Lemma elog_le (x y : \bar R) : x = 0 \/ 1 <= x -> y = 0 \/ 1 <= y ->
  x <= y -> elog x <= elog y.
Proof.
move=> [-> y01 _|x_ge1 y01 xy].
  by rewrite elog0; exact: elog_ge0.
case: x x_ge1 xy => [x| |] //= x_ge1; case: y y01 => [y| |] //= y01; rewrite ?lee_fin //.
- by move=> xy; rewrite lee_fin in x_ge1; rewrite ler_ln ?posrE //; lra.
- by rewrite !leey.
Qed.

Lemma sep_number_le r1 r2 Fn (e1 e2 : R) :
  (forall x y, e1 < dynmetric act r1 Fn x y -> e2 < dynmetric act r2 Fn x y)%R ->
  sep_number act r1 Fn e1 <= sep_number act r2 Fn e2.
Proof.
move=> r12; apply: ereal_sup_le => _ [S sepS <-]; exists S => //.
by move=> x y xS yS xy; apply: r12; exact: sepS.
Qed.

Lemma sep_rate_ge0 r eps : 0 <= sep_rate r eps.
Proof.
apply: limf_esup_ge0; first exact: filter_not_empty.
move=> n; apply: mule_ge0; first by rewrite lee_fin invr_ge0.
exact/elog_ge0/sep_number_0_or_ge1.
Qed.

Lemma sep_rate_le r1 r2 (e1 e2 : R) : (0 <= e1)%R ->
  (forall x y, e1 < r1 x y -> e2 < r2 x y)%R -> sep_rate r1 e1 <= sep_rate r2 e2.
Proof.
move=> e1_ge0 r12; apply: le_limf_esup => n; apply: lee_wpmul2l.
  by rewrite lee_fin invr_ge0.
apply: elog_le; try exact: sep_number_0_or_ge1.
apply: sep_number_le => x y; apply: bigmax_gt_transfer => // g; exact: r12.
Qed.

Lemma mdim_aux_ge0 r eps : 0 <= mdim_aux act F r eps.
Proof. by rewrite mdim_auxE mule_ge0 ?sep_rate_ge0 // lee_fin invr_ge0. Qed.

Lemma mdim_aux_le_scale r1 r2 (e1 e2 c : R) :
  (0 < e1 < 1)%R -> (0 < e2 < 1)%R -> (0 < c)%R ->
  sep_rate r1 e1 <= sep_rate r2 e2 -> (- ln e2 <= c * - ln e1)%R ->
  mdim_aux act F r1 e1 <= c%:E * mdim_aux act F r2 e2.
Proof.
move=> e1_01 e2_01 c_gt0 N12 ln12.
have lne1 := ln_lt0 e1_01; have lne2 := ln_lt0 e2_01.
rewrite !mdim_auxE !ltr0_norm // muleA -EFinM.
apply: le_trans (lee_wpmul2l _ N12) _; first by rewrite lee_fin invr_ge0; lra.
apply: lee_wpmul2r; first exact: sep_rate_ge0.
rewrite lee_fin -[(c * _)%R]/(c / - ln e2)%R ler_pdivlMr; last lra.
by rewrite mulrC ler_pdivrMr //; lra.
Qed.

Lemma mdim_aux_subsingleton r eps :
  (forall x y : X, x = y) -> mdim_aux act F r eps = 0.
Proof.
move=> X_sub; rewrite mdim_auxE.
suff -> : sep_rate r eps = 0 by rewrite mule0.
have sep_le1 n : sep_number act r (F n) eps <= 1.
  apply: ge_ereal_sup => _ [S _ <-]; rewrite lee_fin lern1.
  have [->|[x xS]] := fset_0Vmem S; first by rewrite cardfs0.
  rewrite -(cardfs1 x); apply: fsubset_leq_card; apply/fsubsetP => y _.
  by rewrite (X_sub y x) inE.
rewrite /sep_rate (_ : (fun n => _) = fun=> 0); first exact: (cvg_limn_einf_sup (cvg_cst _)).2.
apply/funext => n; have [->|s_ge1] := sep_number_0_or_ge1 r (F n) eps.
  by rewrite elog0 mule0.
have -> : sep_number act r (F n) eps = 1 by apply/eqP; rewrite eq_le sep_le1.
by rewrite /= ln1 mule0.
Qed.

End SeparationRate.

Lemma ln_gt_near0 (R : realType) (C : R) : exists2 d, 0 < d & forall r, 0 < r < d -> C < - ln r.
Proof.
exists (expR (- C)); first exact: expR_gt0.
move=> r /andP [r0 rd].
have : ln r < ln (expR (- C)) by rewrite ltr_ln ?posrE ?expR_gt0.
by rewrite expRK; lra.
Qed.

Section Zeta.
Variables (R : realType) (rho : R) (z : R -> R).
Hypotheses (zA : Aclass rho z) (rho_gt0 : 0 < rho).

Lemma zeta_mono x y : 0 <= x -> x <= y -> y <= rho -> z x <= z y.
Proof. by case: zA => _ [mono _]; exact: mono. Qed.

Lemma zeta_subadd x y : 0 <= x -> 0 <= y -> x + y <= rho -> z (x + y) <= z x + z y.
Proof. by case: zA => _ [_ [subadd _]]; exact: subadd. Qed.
--
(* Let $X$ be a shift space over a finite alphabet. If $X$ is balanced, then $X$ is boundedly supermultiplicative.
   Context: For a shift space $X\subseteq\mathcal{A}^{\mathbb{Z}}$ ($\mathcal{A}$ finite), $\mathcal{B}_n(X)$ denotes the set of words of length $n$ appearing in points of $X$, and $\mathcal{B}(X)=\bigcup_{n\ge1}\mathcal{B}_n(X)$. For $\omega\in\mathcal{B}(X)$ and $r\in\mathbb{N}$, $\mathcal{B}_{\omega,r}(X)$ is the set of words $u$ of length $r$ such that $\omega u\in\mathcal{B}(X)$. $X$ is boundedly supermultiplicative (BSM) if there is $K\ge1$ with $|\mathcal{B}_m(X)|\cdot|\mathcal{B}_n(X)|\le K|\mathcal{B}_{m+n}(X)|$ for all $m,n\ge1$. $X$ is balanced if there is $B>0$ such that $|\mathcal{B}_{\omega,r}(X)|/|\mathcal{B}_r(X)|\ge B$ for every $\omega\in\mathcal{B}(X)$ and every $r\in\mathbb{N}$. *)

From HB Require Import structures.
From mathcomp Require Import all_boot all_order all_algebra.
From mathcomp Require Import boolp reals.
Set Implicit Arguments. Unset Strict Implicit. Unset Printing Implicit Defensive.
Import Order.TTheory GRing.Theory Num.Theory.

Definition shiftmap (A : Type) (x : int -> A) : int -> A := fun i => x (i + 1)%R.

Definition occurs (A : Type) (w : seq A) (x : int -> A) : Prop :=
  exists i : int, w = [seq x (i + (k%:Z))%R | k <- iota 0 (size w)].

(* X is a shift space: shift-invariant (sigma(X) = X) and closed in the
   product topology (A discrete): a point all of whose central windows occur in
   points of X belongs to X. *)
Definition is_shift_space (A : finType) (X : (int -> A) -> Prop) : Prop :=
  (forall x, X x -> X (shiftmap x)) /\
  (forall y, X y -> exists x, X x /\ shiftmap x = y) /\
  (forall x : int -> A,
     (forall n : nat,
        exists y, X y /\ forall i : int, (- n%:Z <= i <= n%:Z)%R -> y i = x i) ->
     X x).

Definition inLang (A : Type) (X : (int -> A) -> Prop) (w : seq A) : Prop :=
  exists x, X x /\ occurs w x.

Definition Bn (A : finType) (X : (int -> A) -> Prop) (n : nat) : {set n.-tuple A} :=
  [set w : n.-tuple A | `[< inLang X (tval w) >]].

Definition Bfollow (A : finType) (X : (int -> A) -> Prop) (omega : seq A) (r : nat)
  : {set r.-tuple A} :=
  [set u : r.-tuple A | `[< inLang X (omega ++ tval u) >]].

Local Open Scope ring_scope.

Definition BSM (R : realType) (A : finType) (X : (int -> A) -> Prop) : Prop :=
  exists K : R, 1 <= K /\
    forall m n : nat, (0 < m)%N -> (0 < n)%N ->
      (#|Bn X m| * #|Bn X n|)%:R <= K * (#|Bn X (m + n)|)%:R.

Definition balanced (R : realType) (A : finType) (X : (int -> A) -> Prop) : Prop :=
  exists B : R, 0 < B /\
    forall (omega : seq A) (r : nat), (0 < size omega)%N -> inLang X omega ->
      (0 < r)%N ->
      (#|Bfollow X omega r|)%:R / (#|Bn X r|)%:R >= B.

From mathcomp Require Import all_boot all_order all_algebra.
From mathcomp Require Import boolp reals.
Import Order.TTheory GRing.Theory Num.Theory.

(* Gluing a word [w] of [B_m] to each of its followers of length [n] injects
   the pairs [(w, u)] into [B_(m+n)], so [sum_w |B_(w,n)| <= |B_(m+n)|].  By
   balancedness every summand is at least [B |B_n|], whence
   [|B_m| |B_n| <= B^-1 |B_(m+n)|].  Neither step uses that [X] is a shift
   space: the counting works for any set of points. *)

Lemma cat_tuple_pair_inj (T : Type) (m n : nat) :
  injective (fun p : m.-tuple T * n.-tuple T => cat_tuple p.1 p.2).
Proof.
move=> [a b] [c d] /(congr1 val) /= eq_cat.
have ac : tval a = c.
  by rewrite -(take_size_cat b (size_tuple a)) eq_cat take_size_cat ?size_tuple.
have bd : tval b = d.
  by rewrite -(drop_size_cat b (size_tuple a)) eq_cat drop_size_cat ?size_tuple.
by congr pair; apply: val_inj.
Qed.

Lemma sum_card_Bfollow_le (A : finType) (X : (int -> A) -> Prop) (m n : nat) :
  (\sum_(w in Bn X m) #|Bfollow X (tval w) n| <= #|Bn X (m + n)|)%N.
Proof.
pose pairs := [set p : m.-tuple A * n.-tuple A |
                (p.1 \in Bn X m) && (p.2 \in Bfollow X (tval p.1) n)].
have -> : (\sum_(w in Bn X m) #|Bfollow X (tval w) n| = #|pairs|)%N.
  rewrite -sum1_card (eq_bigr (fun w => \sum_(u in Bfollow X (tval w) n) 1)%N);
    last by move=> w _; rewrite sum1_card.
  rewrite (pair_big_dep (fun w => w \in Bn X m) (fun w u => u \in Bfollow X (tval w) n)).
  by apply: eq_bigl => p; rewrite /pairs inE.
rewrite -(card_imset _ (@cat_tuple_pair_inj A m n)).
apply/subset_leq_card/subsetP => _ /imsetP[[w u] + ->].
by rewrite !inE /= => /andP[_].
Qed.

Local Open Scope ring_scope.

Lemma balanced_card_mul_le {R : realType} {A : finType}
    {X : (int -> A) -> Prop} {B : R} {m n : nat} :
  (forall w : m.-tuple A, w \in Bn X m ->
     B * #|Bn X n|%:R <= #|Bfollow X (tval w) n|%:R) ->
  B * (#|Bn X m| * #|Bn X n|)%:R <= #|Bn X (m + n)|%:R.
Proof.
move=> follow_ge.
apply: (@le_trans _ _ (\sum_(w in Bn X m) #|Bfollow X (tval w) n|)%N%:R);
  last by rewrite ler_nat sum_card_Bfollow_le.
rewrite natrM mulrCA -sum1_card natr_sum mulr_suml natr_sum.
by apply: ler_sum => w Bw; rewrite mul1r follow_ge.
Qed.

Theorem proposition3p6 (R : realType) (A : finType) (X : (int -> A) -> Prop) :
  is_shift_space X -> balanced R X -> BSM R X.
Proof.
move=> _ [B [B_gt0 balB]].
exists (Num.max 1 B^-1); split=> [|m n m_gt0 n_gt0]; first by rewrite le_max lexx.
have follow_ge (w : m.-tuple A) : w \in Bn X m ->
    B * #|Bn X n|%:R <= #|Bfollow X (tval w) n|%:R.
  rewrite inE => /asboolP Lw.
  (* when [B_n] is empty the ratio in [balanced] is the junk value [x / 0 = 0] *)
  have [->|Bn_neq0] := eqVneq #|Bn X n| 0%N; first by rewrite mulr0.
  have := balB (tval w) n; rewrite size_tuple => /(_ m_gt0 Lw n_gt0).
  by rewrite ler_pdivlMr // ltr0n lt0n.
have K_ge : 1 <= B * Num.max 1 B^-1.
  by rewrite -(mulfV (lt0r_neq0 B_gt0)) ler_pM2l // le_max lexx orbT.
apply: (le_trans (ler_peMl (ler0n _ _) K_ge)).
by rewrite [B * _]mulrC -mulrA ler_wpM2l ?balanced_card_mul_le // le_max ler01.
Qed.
...
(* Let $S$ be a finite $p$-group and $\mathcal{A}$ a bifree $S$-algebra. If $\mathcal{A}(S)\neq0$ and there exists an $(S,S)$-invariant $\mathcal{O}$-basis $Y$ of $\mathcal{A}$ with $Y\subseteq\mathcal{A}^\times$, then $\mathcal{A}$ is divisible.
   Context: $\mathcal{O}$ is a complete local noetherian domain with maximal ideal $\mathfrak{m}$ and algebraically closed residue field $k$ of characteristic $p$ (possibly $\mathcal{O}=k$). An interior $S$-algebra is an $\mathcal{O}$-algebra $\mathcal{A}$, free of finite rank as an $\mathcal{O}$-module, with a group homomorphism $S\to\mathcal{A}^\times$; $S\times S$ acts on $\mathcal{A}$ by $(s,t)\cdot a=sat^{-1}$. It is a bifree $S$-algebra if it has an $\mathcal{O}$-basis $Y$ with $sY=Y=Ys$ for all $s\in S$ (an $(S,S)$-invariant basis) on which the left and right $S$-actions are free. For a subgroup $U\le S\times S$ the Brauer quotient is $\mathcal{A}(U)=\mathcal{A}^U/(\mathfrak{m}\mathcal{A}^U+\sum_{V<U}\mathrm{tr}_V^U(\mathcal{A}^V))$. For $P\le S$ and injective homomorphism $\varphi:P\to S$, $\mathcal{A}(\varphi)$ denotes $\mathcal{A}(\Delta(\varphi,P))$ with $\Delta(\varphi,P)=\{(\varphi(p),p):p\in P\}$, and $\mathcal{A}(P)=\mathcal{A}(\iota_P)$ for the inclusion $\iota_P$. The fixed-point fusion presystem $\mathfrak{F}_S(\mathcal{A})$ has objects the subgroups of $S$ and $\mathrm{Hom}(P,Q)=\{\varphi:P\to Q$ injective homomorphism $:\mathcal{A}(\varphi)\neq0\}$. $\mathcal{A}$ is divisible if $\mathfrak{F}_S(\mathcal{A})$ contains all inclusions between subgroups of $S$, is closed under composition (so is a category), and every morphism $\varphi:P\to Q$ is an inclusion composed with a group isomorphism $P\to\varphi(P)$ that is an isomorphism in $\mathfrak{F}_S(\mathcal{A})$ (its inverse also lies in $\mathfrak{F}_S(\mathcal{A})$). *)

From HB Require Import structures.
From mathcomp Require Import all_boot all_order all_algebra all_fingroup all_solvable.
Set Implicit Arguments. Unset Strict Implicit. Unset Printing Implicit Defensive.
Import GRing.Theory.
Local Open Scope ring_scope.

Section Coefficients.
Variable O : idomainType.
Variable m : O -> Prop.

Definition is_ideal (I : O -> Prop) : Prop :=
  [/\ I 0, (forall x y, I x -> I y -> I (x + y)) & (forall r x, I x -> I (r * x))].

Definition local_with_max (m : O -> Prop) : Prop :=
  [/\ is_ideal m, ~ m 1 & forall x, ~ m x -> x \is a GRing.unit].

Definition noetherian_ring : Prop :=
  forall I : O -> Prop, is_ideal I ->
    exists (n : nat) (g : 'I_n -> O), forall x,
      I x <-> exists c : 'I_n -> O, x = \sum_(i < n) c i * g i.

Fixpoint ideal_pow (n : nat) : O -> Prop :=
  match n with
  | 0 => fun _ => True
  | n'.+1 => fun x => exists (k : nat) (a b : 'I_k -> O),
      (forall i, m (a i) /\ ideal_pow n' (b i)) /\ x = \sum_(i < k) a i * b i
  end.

**Assignment:** For each line of the material that contains the word "pairs", make a copy.

**Answer for this exercise:**
   the pairs [(w, u)] into [B_(m+n)], so [sum_w |B_(w,n)| <= |B_(m+n)|].  By
pose pairs := [set p : m.-tuple A * n.-tuple A |
have -> : (\sum_(w in Bn X m) #|Bfollow X (tval w) n| = #|pairs|)%N.
  by apply: eq_bigl => p; rewrite /pairs inE.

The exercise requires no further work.